Chaplain Cyril David Alcorn

Cyril David Alcorn (1911-1972), Methodist minister, born on 16 July 1911 at Mutdapilly, near Ipswich, Queensland, eldest of nine children of David Ebenezer Alcorn, farmer, and his wife Mary Ellen, née Wells, both Queenslanders. Cyril was educated at Normanby and Tingalpa State schools, Brisbane State High School and the Teachers' Training College. Sent as a teacher to Greenup, in south west Queensland, he lived in a tent in the school grounds to save money for a theological training, but was known to swagmen during the Depression as one who would provide them with food. In 1935 he was accepted as a candidate for the Methodist ministry; he entered King's College, University of Queensland (BA, 1940; MA, 1964), and was ordained 3 March 1941.
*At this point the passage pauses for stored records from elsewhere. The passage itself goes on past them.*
(* Let $C=[c_{j_1,j_2}]\in\mathbb{R}^{n_1\times n_2}$, $\mathbf d_1\in\mathbb{R}^{n_1}_{++}$, $\mathbf d_2\in\mathbb{R}^{n_2}_{++}$ with $\mathbf 1_{n_1}^\top\mathbf d_1=\mathbf 1_{n_2}^\top\mathbf d_2$. Then there exists a unique $(\mathbf x,\mathbf y)\in\mathbb{R}^{n_1}\times\mathbb{R}^{n_2}$ with $c_{j_1,j_2}-x_{j_1}-y_{j_2}>0$ for all $j_1,j_2$ and $\mathbf 1_{n_1}^\top\mathbf x=\mathbf 1_{n_2}^\top\mathbf y$, such that the matrix $[(c_{j_1,j_2}-x_{j_1}-y_{j_2})^{-1}]$ has row sums vector $\mathbf d_1$ and column sums vector $\mathbf d_2$.
   Context: $\mathbf 1_n$ is the all-ones vector and $\mathbb{R}^n_{++}$ the set of entrywise positive vectors. *)

From mathcomp Require Import all_boot all_order all_algebra.
From mathcomp Require Import reals.

From mathcomp Require Import all_boot all_order all_algebra.
From mathcomp Require Import classical_sets reals.
From mathcomp Require Import ring lra.
Import Order.TTheory GRing.Theory Num.Theory.
Local Open Scope ring_scope.

(* Existence is proved by Perron's method. Write the unknowns as (x, -z), so
   that each entry C i j - x i + z j decreases in x and increases in z, and
   call (x, z) a J-subsolution if all entries are positive, every row of
   reciprocals sums to at most d1 i and every column j in J to at least d2 j.
   Freeze z outside J and at a column k0 outside J (which bounds x from
   above); the coordinatewise supremum of such subsolutions is again one, as
   all conditions are closed and monotone, and it is tight in every row and
   every column of J, since otherwise one coordinate could still be raised.
   Columns enter J one at a time: the columns not yet in J are first pushed so
   far that they stay below their targets, and as the reciprocals have the
   same total by rows and by columns, the new column is forced above its
   target. Once J holds every column, the inequalities add up to equalities.
   Uniqueness: for two solutions with entries e and e', e - e' = a i + b j
   while 1/e' - 1/e has zero row and column sums, so the sum of
   (1/e' - 1/e) (e - e') = (e - e')^2 / (e e') vanishes; the normalisation
   sum x = sum y then excludes the remaining shift (x + c, y - c). *)

Section FiniteSums.
Context {R : realFieldType} {n : nat}.
Implicit Types (a b F G : 'I_n -> R) (d : R).

Lemma le_of_small_slack [x y] (K eta : R) : 0 < eta ->
  (forall e, 0 < e -> e < eta -> x <= y + e * K) -> x <= y.
Proof.
move=> eta_gt0 slack; apply/ler_addgt0Pr => e e_gt0.
pose e' := Num.min (eta / 2) (e / (`|K| + 1)).
have e'_gt0 : 0 < e' by rewrite lt_min divr_gt0 //= divr_gt0 // ltr_wpDl.
have e'_lt : e' < eta by rewrite gt_min; apply/orP; left; lra.
suff : e' * K <= e by have := slack e' e'_gt0 e'_lt; lra.
apply: le_trans (ler_norm _) _; rewrite normrM (gtr0_norm e'_gt0).
have : e' <= e / (`|K| + 1) by rewrite ge_min lexx orbT.
rewrite ler_pdivlMr ?ltr_wpDl //; nra.
Qed.

Lemma ler_psum_term F k : (forall i, 0 <= F i) -> F k <= \sum_i F i.
Proof. by move=> F_ge0; rewrite (bigD1 k) //= lerDl sumr_ge0. Qed.

Lemma psumr_gt0E [F] : (forall i, 0 < F i) -> (0 < \sum_i F i) = (0 < n)%N.
Proof.
case: n F => [|m] F F_gt0; first by rewrite big_ord0 ltxx.
by rewrite (bigD1 ord0) //= ltr_wpDr ?F_gt0 // sumr_ge0 // => i _; rewrite ltW.
Qed.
At the Albert Street Methodist Church, Brisbane, Cyril married Joyce Carmichael, a domestic science teacher, on 29 March 1941. The couple had intended to go to India as missionaries, but their plan was frustrated by Japan's entry into World War II. From December 1942 until 1946 Cyril served as a chaplain in the RAN: he was initially stationed in Darwin and later sailed in HMAS Shropshire in 1944-45. While in Darwin he had made friends with Rev. Arch Grant, a former padre with the Australian Inland Mission; after the war he and Alcorn worked together in Darwin to help set up a United Church in Northern Australia. As Principal (1947-55) of Blackheath and Thornburgh Colleges at Charters Towers, North Queensland, Cyril improved the property and introduced a new course in agriculture, as well as another in home science (run by his wife Joyce). In 1956 he became Superintendent Minister of the Ashgrove circuit and was Senior Naval Chaplain at the Port of Brisbane. He received a Bachelor degree from the Melbourne College of Divinity in 1958.
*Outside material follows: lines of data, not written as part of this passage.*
(* Let $\mathcal C$ be a hereditary class of graphs with infinite VC-dimension and let $H=(A\cup B,E)$ be a bipartite graph with bipartition $(A,B)$. Then $\mathcal C$ contains a graph $G$ whose vertex set admits a partition $(A',B')$ such that deleting from $G$ all edges with both ends in $A'$ and all edges with both ends in $B'$ yields a graph isomorphic to $H$ via an isomorphism mapping $A'$ onto $A$ and $B'$ onto $B$ (i.e. $H$ is a bipartisation of $G$).
   Context: A class of graphs is hereditary if it is closed under isomorphism and under taking induced subgraphs. For a graph $G$ and $v\in V(G)$, $N[v]$ is the closed neighbourhood. A set $X\subseteq V(G)$ is shattered if for every $S\subseteq X$ there is a vertex $v$ with $N[v]\cap X=S$; the VC-dimension of $G$ is the largest size of a shattered set; a class has infinite VC-dimension if these are unbounded over the class. A bipartite graph $H=(A\cup B,E)$ is a bipartisation of $G$ if for some partition $(A,B)$ of $V(G)$, removing all edges inside $A$ and inside $B$ from $G$ yields $H$. *)

From mathcomp Require Import all_boot.
Set Implicit Arguments. Unset Strict Implicit. Unset Printing Implicit Defensive.

Definition is_graph (T : finType) (e : rel T) : Prop :=
  symmetric e /\ irreflexive e.

Definition graph_class := forall T : finType, rel T -> Prop.

Definition class_of_graphs (C : graph_class) : Prop :=
  forall (T : finType) (e : rel T), C T e -> is_graph e.

Definition iso_closed (C : graph_class) : Prop :=
  forall (T T' : finType) (e : rel T) (e' : rel T') (f : T' -> T),
    bijective f -> (forall x y, e' x y = e (f x) (f y)) -> C T e -> C T' e'.

Definition induced_closed (C : graph_class) : Prop :=
  forall (T : finType) (e : rel T) (X : {set T}),
    C T e -> C {x : T | x \in X} (fun x y => e (val x) (val y)).

Definition hereditary (C : graph_class) : Prop :=
  iso_closed C /\ induced_closed C.

Definition closed_nbhd (T : finType) (e : rel T) (v : T) : {set T} :=
  [set u | (u == v) || e v u].

Definition shattered (T : finType) (e : rel T) (X : {set T}) : Prop :=
  forall S : {set T}, S \subset X -> exists v : T, closed_nbhd e v :&: X = S.

Definition infinite_VC_dim (C : graph_class) : Prop :=
  forall k : nat, exists (T : finType) (e : rel T) (X : {set T}),
    C T e /\ shattered e X /\ #|X| = k.

Definition bipartite_wrt (U : finType) (h : rel U) (A : {set U}) : Prop :=
  is_graph h /\ forall x y, h x y -> (x \in A) != (y \in A).

(* h with bipartition (A, ~:A) is a bipartisation of g via the partition
   (A', ~:A') of V(g): deleting edges inside A' and inside ~:A' from g gives
   a graph isomorphic to h via f, with f mapping A' onto A and ~:A' onto ~:A *)
Definition bipartisation_of (U : finType) (h : rel U) (A : {set U})
    (T : finType) (g : rel T) : Prop :=
  exists (A' : {set T}) (f : T -> U),
    [/\ bijective f,
        (forall x, (f x \in A) = (x \in A')) &
        (forall x y, h (f x) (f y) = g x y && ((x \in A') != (y \in A')))].

(* Shatter a set X whose points are labelled by |U|+1 copies of U plus one
   marker per vertex of U.  For each u pick a vertex w_u whose closed
   neighbourhood meets X exactly in the copies of the H-neighbours of u and in
   the marker of u; the markers make u |-> w_u injective.  The |U| vertices w_u
   lie in at most |U| copies, so some copy j contains none of them; hence w_b
   is adjacent to the copy-j point of a exactly when a is an H-neighbour of b.
   Sending a in A to its copy-j point and b outside A to w_b therefore embeds
   U so that the edges of G between the two sides are exactly those of H. *)
From mathcomp Require Import all_boot.

Set Implicit Arguments. Unset Strict Implicit. Unset Printing Implicit Defensive.

Lemma hereditary_pullback (C : graph_class) (T U : finType) (e : rel T)
    (F : U -> T) :
  hereditary C -> injective F -> C T e -> C U (fun x y => e (F x) (F y)).
Proof.
move=> [C_iso C_ind] F_inj CTe.
pose Y := F @: setT.
pose toY (a : U) : {x : T | x \in Y} := exist _ (F a) (imset_f F (in_setT a)).
have toY_bij : bijective toY.
  apply: inj_card_bij; first by move=> a b [] /F_inj.
  by rewrite card_sig -[#|[eta _]|]/#|Y| card_imset // cardsT.
exact: C_iso toY_bij _ (C_ind _ _ Y CTe).
Qed.

Lemma embed_in_set (I T : finType) (X : {set T}) :
  #|I| <= #|X| -> exists f : I -> T, injective f /\ forall i, f i \in X.
Proof.
move=> le_IX; exists (fun i => enum_val (widen_ord le_IX (enum_rank i))).
split=> [i k /enum_val_inj [] /val_inj /enum_rank_inj //|i]; exact: enum_valP.
Qed.

(* [inl (j, a)] is the copy of [a] number [j]; [inr u] is the marker of [u]. *)
Definition shatter_index (U : finType) := (('I_#|U|.+1 * U) + U)%type.

Section ShatteredSetEmbedsBipartite.

Variables (U : finType) (h : rel U) (A : {set U}).
Hypothesis h_sym : symmetric h.
Hypothesis h_cross : forall x y, h x y -> (x \in A) != (y \in A).

Variables (T : finType) (e : rel T) (X : {set T}) (idx : shatter_index U -> T).
Hypothesis e_sym : symmetric e.
Hypothesis X_shattered : shattered e X.
Hypothesis idx_inj : injective idx.
Hypothesis idx_in_X : forall i, idx i \in X.

Definition wanted (u : U) (i : shatter_index U) : bool :=
  if i is inl (_, a) then h u a else i == inr u.

Definition trace (u : U) : {set T} := idx @: [set i | wanted u i].

Lemma mem_trace u i : (idx i \in trace u) = wanted u i.
Proof. by rewrite mem_imset // inE. Qed.

Definition witness (u : U) : T :=
  odflt (idx (inr u)) [pick w | closed_nbhd e w :&: X == trace u].

Lemma witnessP u : closed_nbhd e (witness u) :&: X = trace u.
Proof.
rewrite /witness; case: pickP => [w /eqP // | no_w].
have trace_sub : trace u \subset X.
  by apply/subsetP => _ /imsetP[i _ ->]; exact: idx_in_X.
have [w Nw] := X_shattered trace_sub.
by move: (no_w w); rewrite Nw eqxx.
Qed.

Lemma witness_adj u i :
  (idx i == witness u) || e (witness u) (idx i) = wanted u i.
Proof. by rewrite -mem_trace -witnessP !inE idx_in_X andbT. Qed.

Lemma witness_inj : injective witness.
Proof.
move=> u v eq_w.
have : idx (inr u) \in trace v by rewrite -witnessP -eq_w witnessP mem_trace /=.
by rewrite mem_trace /= => /eqP [].
Qed.

Lemma exists_free_copy :
  exists j : 'I_#|U|.+1, forall u a, witness u != idx (inl (j, a)).
Proof.
pose copy_of u := if [pick p | witness u == idx (inl p)] is Some p then p.1
                  else ord0.
have : ~~ (setT \subset copy_of @: setT).
  apply/negP => /subset_leq_card; rewrite cardsT card_ord.
  by apply/negP; rewrite -ltnNge ltnS (leq_trans (leq_imset_card _ _)) ?cardsT.
case/subsetPn=> j _ j_free; exists j => u a; apply/negP => /eqP w_in_j.
move/negP: j_free; apply; apply/imsetP; exists u => //; rewrite /copy_of.
case: pickP => [p /eqP | no_p]; last by move: (no_p (j, a)); rewrite w_in_j eqxx.
by rewrite w_in_j => /idx_inj [<-].
Qed.

Section FreeCopy.

Variable j : 'I_#|U|.+1.
Hypothesis j_free : forall u a, witness u != idx (inl (j, a)).

Definition embed (a : U) : T := if a \in A then idx (inl (j, a)) else witness a.

Lemma embed_inj : injective embed.
Proof.
move=> a b; rewrite /embed.
case: ifP => _; case: ifP => _.
- by move/idx_inj => [].
- by move=> eq_ab; have := j_free b a; rewrite eq_ab eqxx.
- by move=> eq_ab; have := j_free a b; rewrite eq_ab eqxx.
- exact: witness_inj.
Qed.

Lemma embed_cross a b : a \in A -> b \notin A ->
  h a b = e (embed a) (embed b).
Proof.
move=> Aa nAb; rewrite /embed Aa (negbTE nAb) e_sym h_sym.
rewrite -[h b a]/(wanted b (inl (j, a))) -witness_adj.
by rewrite eq_sym (negbTE (j_free _ _)).
Qed.

Lemma embed_edges x y :
  h x y = e (embed x) (embed y) && ((x \in A) != (y \in A)).
Proof.
wlog Ax : x y / x \in A.
  move=> W; have [Ax | nAx] := boolP (x \in A); first by rewrite W // Ax.
  have [Ay | nAy] := boolP (y \in A).
    by rewrite h_sym e_sym W // Ay (negbTE nAx).
  by rewrite andbF; apply/negbTE/negP => /h_cross; rewrite (negbTE nAx) (negbTE nAy).
have [Ay | nAy] := boolP (y \in A).
  by rewrite Ax andbF; apply/negbTE/negP => /h_cross; rewrite Ax Ay.
by rewrite Ax andbT embed_cross.
Qed.

End FreeCopy.

Lemma shattered_embeds_bipartite :
  exists F : U -> T,
    injective F /\ forall x y, h x y = e (F x) (F y) && ((x \in A) != (y \in A)).
Proof.
have [j j_free] := exists_free_copy.
by exists (embed j); split; [exact: embed_inj | exact: embed_edges].
Qed.

End ShatteredSetEmbedsBipartite.

Theorem mainTheorem5 (C : graph_class) :
  class_of_graphs C -> hereditary C -> infinite_VC_dim C ->
  forall (U : finType) (h : rel U) (A : {set U}),
    bipartite_wrt h A ->
    exists (T : finType) (g : rel T), C T g /\ bipartisation_of h A g.
Proof.
move=> C_graphs C_her C_VC U h A [[h_sym _] h_cross].
have [T [e [X [CTe [X_shattered cardX]]]]] := C_VC #|{: shatter_index U}|.
have [e_sym _] := C_graphs _ _ CTe.
have [idx [idx_inj idx_in_X]] :=
  @embed_in_set (shatter_index U) T X (eq_leq (esym cardX)).
have [F [F_inj F_edges]] :=
  shattered_embeds_bipartite h_sym h_cross e_sym X_shattered idx_inj idx_in_X.
exists U, (fun x y => e (F x) (F y)); split.
  exact: hereditary_pullback C_her F_inj CTe.
by exists A, id; split=> //; exists id.
Qed.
With his brother Ivan, in 1960 he established the Methodist Training College and Bible School (later Alcorn College) at Kangaroo Point, Brisbane, where students were prepared for the ministry.
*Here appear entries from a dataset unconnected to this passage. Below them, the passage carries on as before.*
Definition admissible (sigma : nat -> Omega -> R) (k : nat) (xi : R -> Omega -> nat) : Prop :=
  [/\ (forall w, xi 0 w = k),
      (forall t n, 0 <= t -> natural_filtration sigma t [set w | xi t w = n]),
      (forall w s t, 0 <= s -> s <= t -> (xi t w <= xi s w)%N) &
      (forall w s t, 0 <= s -> s <= t ->
         (forall i, (0 < i)%N -> ~ (s < sigma i w /\ sigma i w <= t)) ->
         xi t w = xi s w)].

(* xi_{sigma_i -} = xi (sigma_{i-1}) since xi is constant on [sigma_{i-1}, sigma_i). *)
Definition cost (F : R -> R) (sigma : nat -> Omega -> R) (xi : R -> Omega -> nat)
    (T : R) (w : Omega) : \bar R :=
  ((\sum_(1 <= i <oo)
      (if (sigma i w <= T)%R then (F (xi (sigma i.-1 w) w - xi (sigma i w) w)%:R)%:E
       else 0%E)) + (F (xi T w)%:R)%:E)%E.

Definition value (P : probability Omega R) (F : R -> R) (sigma : nat -> Omega -> R)
    (k : nat) (T : R) : \bar R :=
  ereal_inf [set (\int[P]_w cost F sigma xi T w)%E | xi in admissible sigma k].

End Defs.

From mathcomp Require Import all_boot all_order all_algebra.
From mathcomp Require Import all_classical all_reals all_analysis.
From mathcomp Require Import measurable_realfun.
From mathcomp Require Import zify ring lra.
Import Order.TTheory GRing.Theory Num.Theory.
Local Open Scope classical_set_scope.
Local Open Scope ring_scope.

(* The value v(., T) is midpoint convex in the initial inventory: if xi starts
   from a1 and eta from a2 with a1 + a2 = 2c, then the processes
   ceil((xi + eta)/2) and floor((xi + eta)/2) both start from c, and at every
   arrival (and at time T) their two jumps have the same total as the jumps of
   xi and eta but differ by at most one, so by convexity of F their joint cost
   is at most that of xi and eta.  Hence 2 v(c) <= v(a1) + v(a2); since
   0 <= v(k) <= F(k) the values are finite, and the chord inequality follows
   from midpoint convexity of a real sequence. *)

Lemma measurable_fun_cst_on_cover d d' (T : measurableType d)
    (U : measurableType d') (I : countType) (f : T -> U) (A : I -> set T)
    (v : I -> U) :
  (forall n, measurable (A n)) -> (forall n w, A n w -> f w = v n) ->
  (forall w, exists n, A n w) -> measurable_fun setT f.
Proof.
move=> mA fA coverA _ Y mY; rewrite setTI.
have -> : f @^-1` Y = \bigcup_n (if `[< Y (v n) >] then A n else set0).
  apply/seteqP; split => w /=.
    move=> Yw; have [n An] := coverA w; exists n => //.
    by rewrite (fA _ _ An) in Yw; rewrite asboolT.
  by move=> [n _]; case: ifPn => // /asboolP Yv An; rewrite (fA _ _ An).
apply: countable_bigcupT_measurable; first exact: countableP.
by move=> n; case: ifPn.
Qed.
(* Work in the coordinates of the first structure, with phi the coordinate map
   of the second one and psi its inverse.  Commuting homotheties read
   t psi(s phi u) = psi(s phi(t u)) for s, t >= 0; differentiating at s = 0+
   gives Dpsi(0)(phi(t u)) = t Dpsi(0)(phi u).  As psi has the locally
   Lipschitz left inverse phi, Dpsi(0) is injective, so phi is positively
   homogeneous.  A positively homogeneous map equals its directional
   derivative at 0, which for a C^1 map is linear in the direction; hence
   phi is linear and the two structures coincide. *)

Lemma mx_norm_ge_coord (K : realDomainType) (p q : nat) (A : 'M[K]_(p, q)) i j :
  `|A i j| <= `|A|.
Proof.
rewrite [leRHS]mx_normrE.
exact: (le_bigmax _ (fun ij : 'I_p * 'I_q => `|A ij.1 ij.2|) (i, j)).
Qed.

Lemma mx_norm_le (K : realDomainType) (p q : nat) (A : 'M[K]_(p, q)) (c : K) :
  0 <= c -> (forall i j, `|A i j| <= c) -> `|A| <= c.
Proof. by move=> c0 Ac; rewrite [leLHS]mx_normrE; apply/bigmax_leP; split=> // -[]. Qed.

Section directional_derivative_at_right.
Variables (R : realType) (V W : normedModType R) (f : V -> W) (a v : V).
Hypothesis f_derivable : derivable f a v.

Lemma derive_cvg_at_right :
  h^-1 *: (f (h *: v + a) - f a) @[h --> 0^'+] --> 'D_v f a.
Proof. exact: cvg_dnbhs_at_right. Qed.

Lemma derive_at_right_eq (l : W) :
  h^-1 *: (f (h *: v + a) - f a) @[h --> 0^'+] --> l -> 'D_v f a = l.
Proof. by move=> ql; rewrite -(cvg_lim _ ql) // (cvg_lim _ derive_cvg_at_right). Qed.
End directional_derivative_at_right.

Section C1_map.
Variables (R : realType) (n m : nat) (f : 'rV[R]_n -> 'rV[R]_m).
Hypothesis f_derivable : forall x v, derivable f x v.
Hypothesis derive_f_continuous : forall v, continuous ('D_v f).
When he was appointed MBE in 1966, Cyril's citation acknowledged the pastoral care he had given after the sinking of HMAS Voyager in 1964. He was respected as 'a great preacher and a compassionate man'. Survived by his wife, daughter and three of his four sons, Cyril Alcorn died of ruptured abdominal aneurysm on 15 May 1972 at Parkville, Melbourne and was cremated in Brisbane. As an embodiment of robust Christianity Cyril was a teacher, scholarly, thoughtful and without guile.